Petitioner-appellant Jacquelyn Hayman (“Hayman”) appeals from a decision entered April 21,1992 in the United States Tax Court (Clapp, J.) sustaining the deficiency determinations made by respondent-appellee Commissioner of Internal Revenue (“Commissioner”) and assessed jointly against her and her husband John Hayman (“John”) for the taxable years 1977, 1978 and 1979. The Hay-mans reported losses from tax shelters that substantially offset their reported income for these years. The Commissioner disallowed the deductions, finding, inter alia, that the shelters were not activities entered into for profit. On appeal, the Tax Court affirmed the Commissioner’s determinations and rejected Hayman’s claim for relief from liability as an innocent spouse under I.R.C. § 6013(e). For the reasons that follow, we affirm.

BACKGROUND

Hayman received a bachelor of science degree in retailing from the Rochester Institute of Technology in 1963. During the years that are the subject of this appeal, she was vice president and merchandising director for the Ann Taylor retail clothing store chain, earning an annual salary of approximately $70,000. She assisted buyers in selecting merchandise from around the world; directed. a design team that produced products for Ann Taylor; and was assigned responsibility for an operating budget in the millions of dollars.

John, during the same period of time, was a promoter of various tax shelter investments, including Barbour Energy Resources Program (“Barbour”) and Sand Run Energy Program (“Sand Run”). He also was a general partner of Signet Properties (“Signet”) and Island Properties (“Island”). Barbour and Sand Run were coal extraction projects in which investors purchased interests in a sublease granting the right to mine and remove coal from land located in West Virginia. Signet and Island were partnerships formed to purchase and distribute motion pictures. Although Hayman discussed some aspects of John’s business with him and knew that he was in the “tax shelter syndication business,” she testified that she did not understand what he did for a living. The Haymans, who separated in 1984, lived in a rented Manhattan apartment and employed a full-time housekeeper. Their two children attended private school.

The Haymans jointly invested $111,250 in Sand Run.

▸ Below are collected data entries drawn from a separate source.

(* The induction on degrees behind Hilbert's basis theorem. *)
Lemma ideal_sub_of_lead (I J : {poly R} -> Prop) : is_ideal I -> is_ideal J ->
  (forall p, I p -> J p) -> (forall d r, lead_ideal d J r -> lead_ideal d I r) ->
  forall p, J p -> I p.
Proof.
move=> hI hJ IJ JI p; have [n] := ubnP (size p); elim: n p => [|n IH] p.
  by rewrite ltn0.
rewrite ltnS => sp Jp; have [->|p0] := eqVneq p 0; first by case: hI.
have [q Iq [sq eq]] : lead_ideal (size p).-1 I (lead_coef p).
  by apply: JI; exists p; rewrite ?prednK ?size_poly_gt0.
rewrite -(subrK q p); case: (hI) => _ ID _; apply: ID => //; apply: IH.
- apply: leq_trans sp; apply: size_subr_lead => //.
  by rewrite prednK ?size_poly_gt0 in sq.
- exact: idealB hJ Jp (IJ q Iq).
Qed.

Lemma noetherian_poly : noetherian R -> noetherian {poly R}.
Proof.
move=> nR I I_ideal I_mono.
pose L d n := lead_ideal d (I n).
have L_ideal d n : is_ideal (L d n) := lead_ideal_ideal d (I_ideal n).
have L_mono d n r : L d n r -> L d n.+1 r.
  by case=> p Ip sp; exists p => //; apply: I_mono.
have L_stab d : exists N, stabilizes_at (L d) N := nR _ (L_ideal d) (L_mono d).
pose U d r := exists n, L d n r.
have [D stD] : exists D, stabilizes_at U D.
  apply: nR => [d|d r [n Lr]]; last by exists n; apply: lead_idealS.
  split=> [|x y [m Lx] [n Ly]|r x [n Lx]].
  - by exists 0%N; case: (L_ideal d 0%N).
  - exists (maxn m n); case: (L_ideal d (maxn m n)) => _ LD _; apply: LD.
    + exact: (@chain_le _ (L d) (L_mono d) _ _ _ (leq_maxl m n) Lx).
    + exact: (@chain_le _ (L d) (L_mono d) _ _ _ (leq_maxr m n) Ly).
  - by exists n; case: (L_ideal d n) => _ _ LM; apply: LM.
have [N stN] := stabilizes_at_uniform L_mono L_stab D.+1.
exists N => n p Nn Inp.
apply: (ideal_sub_of_lead (I_ideal N) (I_ideal n)) => [q Iq|d r Lr|//].
  exact: (chain_le I_mono Nn Iq).
case: (leqP d D) => [dD|Dd]; first exact: stN Nn Lr.
have [m LD] : U D r by apply: stD (ltnW Dd) _; exists n.
have LN := stabilizes_at_union (L_mono D) (stN D (ltnSn D)) LD.
exact: lead_ideal_le (I_ideal N) (ltnW Dd) LN.
Qed.
End HilbertBasis.

Fixpoint poly_tower (R : comNzRingType) (m : nat) : comNzRingType :=
  if m is m'.+1 then ({poly poly_tower R m'} : comNzRingType) else R.

Lemma noetherian_poly_tower (R : comNzRingType) m :
  noetherian R -> noetherian (poly_tower R m).
Proof. by move=> nR; elim: m => [|m IH] //=; apply: noetherian_poly. Qed.

Section FinitelyGenerated.
Variables (K S : comNzRingType) (iota : {rmorphism K -> S}) (gs : seq S).

Definition alg_generated : Prop :=
  forall x (P : S -> Prop), P 1 -> (forall g, g \in gs -> P g) ->
    (forall y z, P y -> P z -> P (y + z)) ->
    (forall r y, P y -> P (iota r * y)) ->
    (forall y z, P y -> P z -> P (y * z)) -> P x.

Fixpoint eval_tower (m : nat) : {rmorphism poly_tower K m -> S} :=
  match m return {rmorphism poly_tower K m -> S} with
  | 0 => iota
  | m'.+1 => horner_morph (fun x => mulrC gs`_m' (eval_tower m' x))
  end.

Definition tower_image m (y : S) : Prop := exists p, eval_tower m p = y.

Lemma tower_imageS m y : tower_image m y -> tower_image m.+1 y.
Proof. by case=> p <-; exists (p%:P : {poly _}); rewrite /= horner_morphC. Qed.

Lemma tower_image_le m m' y : (m <= m')%N -> tower_image m y -> tower_image m' y.
Proof. exact: (chain_le tower_imageS). Qed.

Lemma tower_image_gen i : tower_image i.+1 gs`_i.
Proof. by exists ('X : {poly _}); rewrite /= horner_morphX. Qed.

Lemma eval_tower_surj : alg_generated -> forall y, tower_image (size gs) y.
Proof.
move=> gen y; apply: gen => [|g|_ _ [p <-] [q <-]|r _ [p <-]|_ _ [p <-] [q <-]].
- by exists 1; rewrite rmorph1.
- move=> g_gs; rewrite -(nth_index 0 g_gs).
  by apply: tower_image_le (tower_image_gen _); rewrite index_mem.
- by exists (p + q); rewrite rmorphD.
- have [q <-] : tower_image (size gs) (iota r).
    by apply: (@tower_image_le 0); last exists r.
  by exists (q * p); rewrite rmorphM.
- by exists (p * q); rewrite rmorphM.
Qed.

Lemma noetherian_alg_generated : noetherian K -> alg_generated -> noetherian S.
Proof.
move=> nK gen; apply: (noetherian_surj (f := eval_tower (size gs))).
  exact: eval_tower_surj.
exact: noetherian_poly_tower.
Qed.
End FinitelyGenerated.

Lemma noetherian_annihilator_stable (S : comPzRingType) (s : S) : noetherian S ->
  exists c, forall n x, s ^+ n * x = 0 -> s ^+ c * x = 0.
Proof.
move=> nS; pose Ann n x := s ^+ n * x = 0.
have Ann_mono n x : Ann n x -> Ann n.+1 x.
  by rewrite /Ann exprS -mulrA => ->; rewrite mulr0.
have [c stc] : exists c, stabilizes_at Ann c.
  apply: nS Ann_mono => n; split=> [|x y|r x]; first by rewrite /Ann mulr0.
  - by rewrite /Ann mulrDr => -> ->; rewrite addr0.
  - by rewrite /Ann mulrCA => ->; rewrite mulr0.
by exists c => n x; apply: (@stabilizes_at_union _ Ann Ann_mono).
Qed.

Definition torsion_exponent (K : comPzRingType) (A : lmodType K) (s : K) (c : nat) :=
  forall n (a : A), s ^+ n *: a = 0 -> s ^+ c *: a = 0.

Section UnitizationRing.
Variables (K : comNzRingType) (A : lmodType K) (mul : A -> A -> A).
Hypothesis mulP : nucomalg mul.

They also invested $75,000 in Barbour: Hayman issued a check from their joint account for $50,000 on December 30, 1977, and John issued a check from his special account for $25,000 on January 6, 1978. In connection with the Barbour investment, Hayman signed ten documents, including a Prospective Offeree Questionnaire, an Operating Agreement, a Revocable Sales Agreement, a Sublease Agreement, an Addendum to Sublease Agreement, a Subscription Agreement and Power of Attorney, an Advanced Minimum Annual Royalties Non-Recourse Promissory Note, a Security Agreement (Sublease and Note), a Mining Services Contract and a Mining Contract Security Agreement. Hayman also was provided with a Confidential Descriptive Memorandum (a private placement memorandum) for each investment. The memoranda contained lengthy opinions of tax counsel in support of the claimed losses.

Hayman claims that she signed the investment documents at John’s request without understanding them. Even though the coal mining investments were in Hayman’s name, John testified that they were his because he paid for them out of his profits as a tax shelter promoter. When Hayman asked John whether the coal investments were legal, he assured her that they were.

The Haymans filed joint tax returns for the years 1977, 1978 and 1979. Although Hayman was responsible for paying the family’s bills, John prepared the returns with the assistance of a certified public accountant, who signed them as a paid preparer. Although Hayman signed all the returns, she did so in 1977 and 1978 on the last day allowed under an extension. The Haymans claimed on the returns the following losses due to them investments in Barbour and Sand Run: $193,598 (1977); $538,414 (1978); and $124,319 carry forward (1979). In each year, the claimed losses resulted in all or virtually all of the tax that had been withheld from the Haymans’ salaries being refunded. In 1977 and 1978, their claimed deductions were greater than their combined incomes. Hayman did not receive any asset of significant value from John during 1977, 1978 or 1979, and her net worth at the end of each of those three years was zero. Hayman testified that she was not shocked by the large losses claimed on the returns because she knew that John’s business “dealt in those kinds of numbers.” Hayman was listed on each year’s return as the sole proprietor of the Barbour investment and co-owner with John of Sand Run, due to a purported concern that John’s dual role as promoter and investor could have been construed as improper. The Commissioner disallowed the losses claimed on these two investments as well as the losses claimed on the Signet and Island investments.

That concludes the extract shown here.